Люди разного склада, Урусов и Плевако, встретились через несколько лет в Рязани на громком процессе, где перед присяжными предстали принадлежавшие к высшему местному обществу полковник и его возлюбленная, употребившие средство, чтобы погасить молодую жизнь, ими данную и обличавшую их близость. Это был бой гигантов слова: защита одной противоречила защите другого, так как обвиняемые складывали не только тяжесть своего поступка, но и побуждения к нему друг на друга. Трудно отдать преимущество в этом состязании кому-либо из двух бойцов.

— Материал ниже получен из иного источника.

Lemma transport_spanning : mx_spanning N Th2.
Proof.
exists k, t; split=> //; set B2 := \matrix_i mxvec (Th2 (t i)).
have vec_transport X : mxvec (transport X) = mxvec X *m (pinvmx B1 *m B2).
  by rewrite /transport -vec_mx_mul_rows vec_mxK mulmxA.
have P_free : row_free (pinvmx B1 *m B2).
  apply/inj_row_free => v vP0.
  rewrite -[v]vec_mxK (transport_eq0 (X := vec_mx v)) ?linear0 //.
  by apply: (can_inj mxvecK); rewrite vec_transport vec_mxK vP0 linear0.
rewrite -sub1mx (submx_trans _ (submxMl (pinvmx B1) B2)) //.
by rewrite sub1mx row_full_unit -row_free_unit.
Qed.

Lemma transport_unique X Y :
  (forall n, N n -> \tr (Y *m Th2 n) = \tr (X *m Th1 n)) -> Y = transport X.
Proof.
move=> trY; apply/eqP; rewrite -subr_eq0; apply/eqP.
apply: (mx_spanning_trace_nondegenerate transport_spanning) => n Nn.
by rewrite mulmxBl linearB /= trY // mxtrace_transport_mul // subrr.
Qed.

Lemma transport_rep n : N n -> transport (Th1 n) = Th2 n.
Proof.
move=> Nn; symmetry; apply: transport_unique => n' Nn'.
by rewrite -(Th1M Nn Nn') -(Th2M Nn Nn') (Th12_tr (NM Nn Nn')).
Qed.

Lemma transportZ a X : transport (a *: X) = a *: transport X.
Proof.
symmetry; apply: transport_unique => n Nn.
by rewrite -!scalemxAl !linearZ /= mxtrace_transport_mul.
Qed.

Lemma transport_mul X Y : transport (X *m Y) = transport X *m transport Y.
Proof.
symmetry; apply: transport_unique => n Nn.
have -> : transport Y = \sum_i (mxvec Y *m pinvmx B1) 0 i *: Th2 (t i) by [].
rewrite [in RHS](transport_expand Y) !mulmx_sumr !mulmx_suml !linear_sum /=.
apply: eq_bigr => i _; rewrite -!scalemxAr -!scalemxAl !linearZ /=.
rewrite -!mulmxA -(Th1M (Nt i) Nn) -(Th2M (Nt i) Nn).
by rewrite (mxtrace_transport_mul _ (NM (Nt i) Nn)).
Qed.

Section ProjectiveExtension.
Variable K : T -> Prop.
Hypothesis KM : forall x y, K x -> K y -> K (mul x y).
Hypothesis NK : forall n, N n -> K n.
Hypothesis N_commute :
  forall x n, K x -> N n -> exists2 n', N n' & mul n x = mul x n'.
Hypothesis m_gt0 : (0 < m)%N.
Variables (Pi1 Pi2 : T -> 'M[F]_m).
Hypotheses (Pi1_unit : forall x, K x -> Pi1 x \in unitmx)
           (Pi2_unit : forall x, K x -> Pi2 x \in unitmx).
Hypothesis Pi1_ext : forall x n, K x -> N n ->
  Pi1 (mul x n) = Pi1 x *m Th1 n /\ Pi1 (mul n x) = Th1 n *m Pi1 x.
Hypothesis Pi2_ext : forall x n, K x -> N n ->
  Pi2 (mul x n) = Pi2 x *m Th2 n /\ Pi2 (mul n x) = Th2 n *m Pi2 x.

Lemma transport_ext_central x (Z := transport (Pi1 x) *m invmx (Pi2 x)) :
  K x -> forall Y, Z *m Y = Y *m Z.
Proof.
move=> Kx; have uPx := Pi2_unit Kx.
have ZTh2 n : N n -> Z *m Th2 n = Th2 n *m Z.
  move=> Nn; have [n' Nn' nx] := N_commute Kx Nn.
  have PTh2 : Th2 n' *m invmx (Pi2 x) = invmx (Pi2 x) *m Th2 n.
    apply: (canRL (mulKmx uPx)); rewrite mulmxA -(proj1 (Pi2_ext Kx Nn')) -nx.
    by rewrite (proj2 (Pi2_ext Kx Nn)) mulmxK.
  rewrite /Z mulmxA -!mulmxA -PTh2 !mulmxA -transport_rep // -transport_mul.
  rewrite -(proj1 (Pi1_ext Kx Nn')) -nx (proj2 (Pi1_ext Kx Nn)).
  by rewrite transport_mul transport_rep.
have [k2 [t2 [Nt2 t2_spans]]] := transport_spanning.
move=> Y; have /memmx_rowsP [a ->] := submx_full (mxvec Y) t2_spans.
rewrite mulmx_sumr mulmx_suml; apply: eq_bigr => i _.
by rewrite -scalemxAr -scalemxAl ZTh2.
Qed.

(* transport (Pi1 x) *m invmx (Pi2 x) is scalar (transport_ext_central), and
   this entry is the scalar. *)
Definition ext_ratio x : F :=
  (transport (Pi1 x) *m invmx (Pi2 x)) (Ordinal m_gt0) (Ordinal m_gt0).

Lemma transport_ext x : K x -> transport (Pi1 x) = ext_ratio x *: Pi2 x.
Proof.
move=> Kx; have /is_scalar_mxP [a eZ] :=
  central_mx_is_scalar (transport_ext_central Kx).
have -> : ext_ratio x = a by rewrite /ext_ratio eZ mxE eqxx mulr1n.
by rewrite -mul_scalar_mx -eZ mulmxKV // Pi2_unit.
Qed.

Lemma ext_ratio_neq0 x : K x -> ext_ratio x != 0.
Proof.
move=> Kx; apply: contraTneq (unitmx_neq0 m_gt0 (Pi1_unit Kx)) => c0.
apply/negPn/eqP/transport_eq0.
by rewrite transport_ext // c0 scale0r.
Qed.

Lemma mxtrace_ext_ratio x : K x -> \tr (Pi1 x) = ext_ratio x * \tr (Pi2 x).
Proof.
by move=> Kx; rewrite -mxtrace_transport transport_ext // mxtraceZ.
Qed.

Lemma ext_ratio_mulN x n : K x -> N n -> ext_ratio (mul x n) = ext_ratio x.
Proof.
move=> Kx Nn; have Kxn := KM Kx (NK Nn).
apply: (scalemx_unit_inj m_gt0 (Pi2_unit Kxn)); rewrite -transport_ext //.
rewrite (proj1 (Pi1_ext Kx Nn)) transport_mul transport_rep // transport_ext //.
by rewrite -scalemxAl -(proj1 (Pi2_ext Kx Nn)).
Qed.

Lemma ext_ratioM x y a : K x -> K y -> a != 0 ->
  Pi1 x *m Pi1 y = a *: Pi1 (mul x y) -> Pi2 x *m Pi2 y = a *: Pi2 (mul x y) ->
  ext_ratio (mul x y) = ext_ratio x * ext_ratio y.
Proof.
move=> Kx Ky a_nz Pi1xy Pi2xy; have Kxy := KM Kx Ky.
have := congr1 transport Pi1xy.
rewrite transport_mul transportZ !transport_ext //.
rewrite -scalemxAl -scalemxAr Pi2xy !scalerA.
move=> /(scalemx_unit_inj m_gt0 (Pi2_unit Kxy)) e; apply: (mulfI a_nz); rewrite -e; ring.
Qed.

End ProjectiveExtension.
End Transport.

Section ProfiniteGroupFacts.
Variable G : profiniteGroup.
Local Notation mul := (@pg_mul G).
Local Notation inv := (@pg_inv G).
Local Notation one := (@pg_one G).
Implicit Types x y z g h n : G.

Lemma pg_mulA x y z : mul x (mul y z) = mul (mul x y) z.
Proof. by case: (pg_axioms G). Qed.

Lemma pg_mul1g x : mul one x = x.
Proof. by case: (pg_axioms G) => _ /(_ x) []. Qed.

Lemma pg_mulg1 x : mul x one = x.
Proof. by case: (pg_axioms G) => _ /(_ x) []. Qed.

Lemma pg_mulVg x : mul (inv x) x = one.
Proof. by case: (pg_axioms G) => _ _ /(_ x) []. Qed.

Lemma pg_mulgV x : mul x (inv x) = one.
Proof. by case: (pg_axioms G) => _ _ /(_ x) []. Qed.

Lemma pg_mulKVg x y : mul x (mul (inv x) y) = y.
Proof. by rewrite pg_mulA pg_mulgV pg_mul1g. Qed.

Lemma pg_invM x y : inv (mul x y) = mul (inv y) (inv x).
Proof.
have e : mul (mul x y) (mul (inv y) (inv x)) = one.
  by rewrite -pg_mulA (pg_mulA y) pg_mulgV pg_mul1g pg_mulgV.
by rewrite -[inv (mul x y)]pg_mulg1 -e pg_mulA pg_mulVg pg_mul1g.
Qed.

Lemma pconjM x g h : pconj x (mul g h) = pconj (pconj x g) h.
Proof. by rewrite /pconj pg_invM -!pg_mulA. Qed.

Lemma pconj_mul x y g : pconj (mul x y) g = mul (pconj x g) (pconj y g).
Proof. by rewrite /pconj -!pg_mulA (pg_mulA g) pg_mulgV pg_mul1g. Qed.

Lemma mul_pconj n x : mul n x = mul x (pconj n x).
Proof. by rewrite /pconj pg_mulKVg. Qed.

Lemma pg_mul_continuous a : continuous (mul a).
Proof.
move=> y; have pair_cont : {for y, continuous (fun z : G => (a, z))}.
  by apply: cvg_pair; [exact: cvg_cst | exact: cvg_id].
have mul_cont : continuous (fun p : G * G => mul p.1 p.2).
  by case: (pg_axioms G) => _ _ _ [].
exact: (continuous_comp pair_cont (mul_cont _)).
Qed.

Lemma cont_on_invariant (R : realType) (N A : set G) (f : G -> R[i]) :
  open N -> N one -> (forall x n, A x -> N n -> f (mul x n) = f x) -> cont_on A f.
Proof.
move=> oN N1 fN x Ax e e_gt0; exists (mul (inv x) @^-1` N); split.
- by move/continuousP: (@pg_mul_continuous (inv x)); apply.
- by rewrite /= pg_mulVg.
- move=> y Ay /= Ny; rewrite -(pg_mulKVg x y) fN // subrr normr0.
  by rewrite ltcE /= eqxx e_gt0.
Qed.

Все, что могли дать красота, блеск и архитектурная гармония изложения и даже малосвойственный Урусову пафос для того, чтобы «склонить непокорную выю обвиняемого под железное ярмо уголовного закона», —все это было дано Урусовым. Все, что можно было взять из книги жизненной правды, из глубокой вдумчивости в сложную игру любви и ненависти, страха и мщения для того, чтобы повернуть с удивительным искусством и заразительною искренностью возмущенное чувство в другую сторону, было взято Плевако. Знакомство с этим процессом следовало бы рекомендовать всем начинающим судебным ораторам: из речей обоих противников они могут увидеть, как в стремлении к тому, что кажется правдой, глубочайшая мысль должна сливаться с простейшим словом, как на суде надо говорить все, что нужно, и только то, что нужно, и научиться, что лучше ничего не сказать, чем сказать ничего.

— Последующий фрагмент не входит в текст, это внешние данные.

(* In a partial synchronized communication system, every trajectory is covered if and only if, at some time, every ring contains a robot.
   Context: Model. A system consists of pairwise disjoint unit circles $C_1,\dots,C_n$ in the plane (trajectories) and a communication range $r>0$. Its communication graph $G$ has vertex set $\{C_1,\dots,C_n\}$, $C_i,C_j$ adjacent iff the distance between their centres is at most $2+r$. Positions on a circle are angles (mod $2\pi$). For an edge $(i,j)$, the link position $\phi_{ij}$ is the angle of the point of $C_i$ closest to $C_j$. A schedule $F=(f,g)$ assigns each circle a starting angle $f(C_i)$ and direction $g(C_i)\in\{1,-1\}$; a robot following it on $C_i$ is at $f(C_i)+g(C_i)2\pi t$ at time $t$. $F$ is a synchronization schedule if $g(C_i)=-g(C_j)$ for adjacent circles and robots following $F$ on adjacent $C_i,C_j$ are at $\phi_{ij},\phi_{ji}$ at exactly the same times. A synchronized communication system (SCS) consists of $n$ robots, initially one per circle, following a synchronization schedule, with the switching rule: when a robot on $C_i$ reaches $\phi_{ij}$ and $C_j$ is empty, it instantly passes to $C_j$ and follows the schedule of $C_j$; if $C_j$ has a robot, they meet and each stays on its circle. A partial SCS arises from an SCS by letting some robots leave (possibly at different times); the remaining robots never leave. A trajectory is covered if every point of it is visited periodically by the surviving robots. Rings. Trace a point moving along a circle $C_i$ in direction $g(C_i)$; whenever it reaches a link position $\phi_{ij}$ of its current circle, it passes to $C_j$ at $\phi_{ji}$ and continues in direction $g(C_j)$ (the motion of a robot that never meets anyone). This motion is periodic and the closed curve traced is a ring; every arc of a circle between consecutive link positions belongs to exactly one ring, so the circles decompose into rings overlapping only at link positions. A robot is in a ring if it lies on a point of that ring. *)

From Stdlib Require Import Reals.
From mathcomp Require Import ssreflect ssrbool eqtype ssrnat fintype.
Open Scope R_scope.

(** Geometry.  A system of [n] unit circles is given by their centres. *)
Definition point := (R * R)%type.

Definition dist (p q : point) : R :=
  sqrt ((fst p - fst q) ^ 2 + (snd p - snd q) ^ 2).

Definition disjoint_circles {n} (ctr : 'I_n -> point) : Prop :=
  forall i j : 'I_n, i <> j -> dist (ctr i) (ctr j) > 2.

Definition adjacent {n} (ctr : 'I_n -> point) (r : R) (i j : 'I_n) : Prop :=
  i <> j /\ dist (ctr i) (ctr j) <= 2 + r.

Definition pt {n} (ctr : 'I_n -> point) (i : 'I_n) (th : R) : point :=
  (fst (ctr i) + cos th, snd (ctr i) + sin th).

(** The link position on [C_i] for the edge (i,j): the point of [C_i]
    closest to [C_j] (as a point of the plane; the angle phi_ij is its
    angle, determined mod 2 pi). *)
Definition link {n} (ctr : 'I_n -> point) (i j : 'I_n) : point :=
  let d := dist (ctr i) (ctr j) in
  (fst (ctr i) + (fst (ctr j) - fst (ctr i)) / d,
   snd (ctr i) + (snd (ctr j) - snd (ctr i)) / d).

Definition is_link {n} (ctr : 'I_n -> point) (r : R) (i : 'I_n) (P : point)
  : Prop := exists j, adjacent ctr r i j /\ P = link ctr i j.

(** Schedule: starting angle [f] and direction [g] (valued in {1,-1}).
    A robot following it on [C_i] is at angle [f i + g i * 2 pi t]. *)
Definition sched {n} (f g : 'I_n -> R) (i : 'I_n) (t : R) : R :=
  f i + g i * (2 * PI * t).

Definition spos {n} (ctr : 'I_n -> point) (f g : 'I_n -> R) (i : 'I_n) (t : R)
  : point := pt ctr i (sched f g i t).

Definition is_schedule {n} (g : 'I_n -> R) : Prop :=
  forall i, g i = 1 \/ g i = -1.

Definition sync_schedule {n} (ctr : 'I_n -> point) (r : R) (f g : 'I_n -> R)
  : Prop :=
  is_schedule g /\
  forall i j, adjacent ctr r i j ->
    g i = - g j /\
    forall t, spos ctr f g i t = link ctr i j <-> spos ctr f g j t = link ctr j i.

Definition at_link {n} (ctr : 'I_n -> point) (r : R) (f g : 'I_n -> R)
  (i j : 'I_n) (t : R) : Prop :=
  adjacent ctr r i j /\ spos ctr f g i t = link ctr i j.

Definition left_lim {n} (p : R -> 'I_n) (t : R) (c : 'I_n) : Prop :=
  exists eps, 0 < eps /\ forall s, t - eps < s < t -> p s = c.

Definition right_const {n} (p : R -> 'I_n) (t : R) : Prop :=
  exists eps, 0 < eps /\ forall s, t <= s < t + eps -> p s = p t.

(** ----- Partial SCS -----
   Robots are named by [k : 'I_n]; robot [k] starts on [C_k] at time 0.
   [leave k = Some L]: robot k leaves at time L (present on [0, L));
   [leave k = None]: robot k never leaves (a surviving robot).
   [pos k t] is the circle on which robot k is at time t; its position on
   that circle is the schedule point [spos ctr f g (pos k t) t]. *)
Definition present (leave : option R) (t : R) : Prop :=
  0 <= t /\ match leave with None => True | Some L => t < L end.

Definition surviving (leave : option R) : Prop := leave = None.

(** [C_j] is empty at time [t] (just before any switch at time t). *)
Definition empty_at {n} (leave : 'I_n -> option R) (pos : 'I_n -> R -> 'I_n)
  (j : 'I_n) (t : R) : Prop :=
  forall k, present (leave k) t -> ~ left_lim (pos k) t j.

Definition partial_scs {n} (ctr : 'I_n -> point) (r : R) (f g : 'I_n -> R)
  (leave : 'I_n -> option R) (pos : 'I_n -> R -> 'I_n) : Prop :=
  forall k : 'I_n,
    (forall s, s < 0 -> pos k s = k) /\
    (forall t, present (leave k) t ->
       right_const (pos k) t /\
       exists c, left_lim (pos k) t c /\
         ((exists j, at_link ctr r f g c j t /\ empty_at leave pos j t
                     /\ pos k t = j)
          \/ ((forall j, ~ (at_link ctr r f g c j t /\ empty_at leave pos j t))
              /\ pos k t = c))).

(** ----- Rings -----
   Free motion of a point started on [C_i] at time [t0] (the motion of a
   robot that never meets anyone). *)
Definition free_motion {n} (ctr : 'I_n -> point) (r : R) (f g : 'I_n -> R)
  (i : 'I_n) (t0 : R) (q : R -> 'I_n) : Prop :=
  (forall s, s < t0 -> q s = i) /\
  (forall t, t0 <= t ->
     right_const q t /\
     exists c, left_lim q t c /\
       ((exists j, at_link ctr r f g c j t /\ q t = j)
        \/ ((forall j, ~ at_link ctr r f g c j t) /\ q t = c))).

(** The (non-link) point [P'] of [C_j] lies on the ring through the
    (non-link) point [P] of [C_i]. Rings are taken as unions of the open
    arcs between consecutive link positions. *)
Definition same_ring {n} (ctr : 'I_n -> point) (r : R) (f g : 'I_n -> R)
  (i : 'I_n) (P : point) (j : 'I_n) (P' : point) : Prop :=
  ~ is_link ctr r i P /\ ~ is_link ctr r j P' /\
  exists t0 q, spos ctr f g i t0 = P /\ free_motion ctr r f g i t0 q /\
    exists s, t0 <= s /\ q s = j /\ spos ctr f g j s = P'.

Definition every_ring_has_robot {n} (ctr : 'I_n -> point) (r : R)
  (f g : 'I_n -> R) (leave : 'I_n -> option R) (pos : 'I_n -> R -> 'I_n)
  (t : R) : Prop :=
  forall (i : 'I_n) (th : R), ~ is_link ctr r i (pt ctr i th) ->
    exists k, surviving (leave k) /\
      same_ring ctr r f g i (pt ctr i th) (pos k t) (spos ctr f g (pos k t) t).

Definition all_covered {n} (ctr : 'I_n -> point) (f g : 'I_n -> R)
  (leave : 'I_n -> option R) (pos : 'I_n -> R -> 'I_n) : Prop :=
  forall (i : 'I_n) (th : R), exists Per, 0 < Per /\
    forall t, 0 <= t -> exists s, t <= s <= t + Per /\
      exists k, surviving (leave k) /\ pos k s = i /\
                spos ctr f g i s = pt ctr i th.

(* The schedule is 1-periodic and link events are separated in time, so the
   motion of a point that never meets anyone (a free motion) is well defined
   and periodic; its trace is a ring.  Once the last robot has left, robots
   are never lost along a free motion: when the free motion passes to an
   occupied circle, the robot met there stays on it.  So a robot on a ring at
   one time yields a robot on it at every later time, and hence periodic
   visits of every point of the ring.  Conversely, a point visited after the
   last departure yields, going backwards along its free motion, a robot on
   its ring at any later time without link events. *)

From Pilot Require Import Defs.
From Stdlib Require Import Reals Lra Lia ZArith Classical ClassicalEpsilon.
From mathcomp Require Import ssreflect ssrfun ssrbool eqtype ssrnat seq fintype.
Open Scope R_scope.

Lemma periodZ (h : R -> R) :
  (forall x k, h (x + 2 * INR k * PI) = h x) ->
  forall x (z : Z), h (x + 2 * IZR z * PI) = h x.
Proof.
move=> hper x z; case: (Z_le_gt_dec 0 z) => [z_ge0|z_lt0].
  by rewrite -(Z2Nat.id z) // -INR_IZR_INZ hper.
rewrite -(hper _ (Z.to_nat (- z))); f_equal.
by rewrite INR_IZR_INZ Z2Nat.id ?opp_IZR; [ring | lia].
Qed.

Lemma cos_periodZ x (z : Z) : cos (x + 2 * IZR z * PI) = cos x.
Proof. exact: periodZ cos_period x z. Qed.

Lemma sin_periodZ x (z : Z) : sin (x + 2 * IZR z * PI) = sin x.
Proof. exact: periodZ sin_period x z. Qed.

Lemma cos_sin_eq_periodZ a b : cos a = cos b -> sin a = sin b ->
  exists z : Z, b = a + 2 * IZR z * PI.
Proof.
move=> eq_cos eq_sin.
have sin0 : sin (b - a) = 0 by rewrite sin_minus -eq_cos -eq_sin; ring.
have cos1 : cos (b - a) = 1.
  rewrite cos_minus -eq_cos -eq_sin; have := sin2_cos2 a; rewrite /Rsqr; lra.
case: (sin_eq_0_0 _ sin0) => k ek.
case: (Z.Even_or_Odd k) => [[m km]|[m km]].
  by exists m; rewrite km mult_IZR in ek; lra.
have : cos (PI + 2 * IZR m * PI) = -1 by rewrite cos_periodZ cos_PI.
rewrite ek km plus_IZR mult_IZR in cos1.
have -> : PI + 2 * IZR m * PI = (2 * IZR m + 1) * PI by ring.
lra.
Qed.

Lemma shifted_integers_gap x : exists d, 0 < d /\
  forall z : Z, 0 < x + IZR z -> d <= x + IZR z.
Proof.
have [fl_le lt_fl] := Zfloor_bound x.
case: (Req_dec x (IZR (Zfloor x))) => [x_int|x_frac].
  exists 1; split=> [|z]; first lra.
  rewrite x_int -plus_IZR => /lt_IZR pos; apply: IZR_le; lia.
exists (x - IZR (Zfloor x)); split=> [|z pos]; first lra.
have : (- Zfloor x <= z)%Z by apply: Zlt_succ_le; apply: lt_IZR; rewrite succ_IZR opp_IZR; lra.
move/IZR_le; rewrite opp_IZR; lra.
Qed.

Lemma finite_common_radius (T : finType) (Q : T -> R -> Prop) :
  (forall x e e', 0 < e' <= e -> Q x e -> Q x e') ->
  (forall x, exists e, 0 < e /\ Q x e) ->
  exists e, 0 < e /\ forall x, Q x e.
Proof.
move=> Q_shrink Q_ex.
suff [e [e_gt0 Qe]] : exists e, 0 < e /\ forall x, x \in enum T -> Q x e.
  by exists e; split=> // x; apply: Qe; rewrite mem_enum.
elim: (enum T) => [|a s [e [e_gt0 Qe]]].
  by exists 1; split=> [|x]; [lra | rewrite in_nil].
case: (Q_ex a) => ea [ea_gt0 Qa].
have min_gt0 := Rmin_pos _ _ e_gt0 ea_gt0.
exists (Rmin e ea); split=> // x; rewrite in_cons => /orP [/eqP ->|xs].
  by apply: (Q_shrink _ ea) => //; split=> //; apply: Rmin_r.
by apply: (Q_shrink _ e); [split=> //; apply: Rmin_l | apply: Qe].
Qed.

Две точки зрения существуют на уголовную защиту. Она есть общественное служение, — говорят одни. Уголовный защитник должен быть, по словам Квинтилиана, «муж добрый, опытный в слове», вооруженный знанием и глубокой честностью, бескорыстный и независимый в убеждениях, стойкий и солидарный с товарищами; он правозаступник, но не слуга своего клиента и не пособник ему в стремлении уйти от заслуженной кары правосудия; он друг, он советчик человека, который, по его мнению, не виновен вовсе или вовсе не так и не в том виновен, как и в чем его обвиняют. Не будучи слугою клиента, он, однако, в своем общественном служении — слуга государства, и эта роль почтенна, так как нет такого преступника и падшего человека, в котором безвозвратно был бы затемнен человеческий образ и по отношению к которому было бы совершенно бесполезно выслушать слово снисхождения. Уголовный защитник, — говорят другие, — есть производитель труда, представляющего известную ценность, оплачиваемого в зависимости от тяжести работы и способности работника. Как для врача в его практической деятельности не может быть дурных и хороших людей, заслуженных и незаслуженных болезней, а есть больные, страдания которых надо облегчить, так и для защитника нет чистых и грязных, правых и неправых дел, а есть лишь даваемый обвинением повод противопоставить доводам прокурора всю силу и тонкость своей диалектики, служа ближайшим интересам клиента и не заглядывая на далекий горизонт общественного блага.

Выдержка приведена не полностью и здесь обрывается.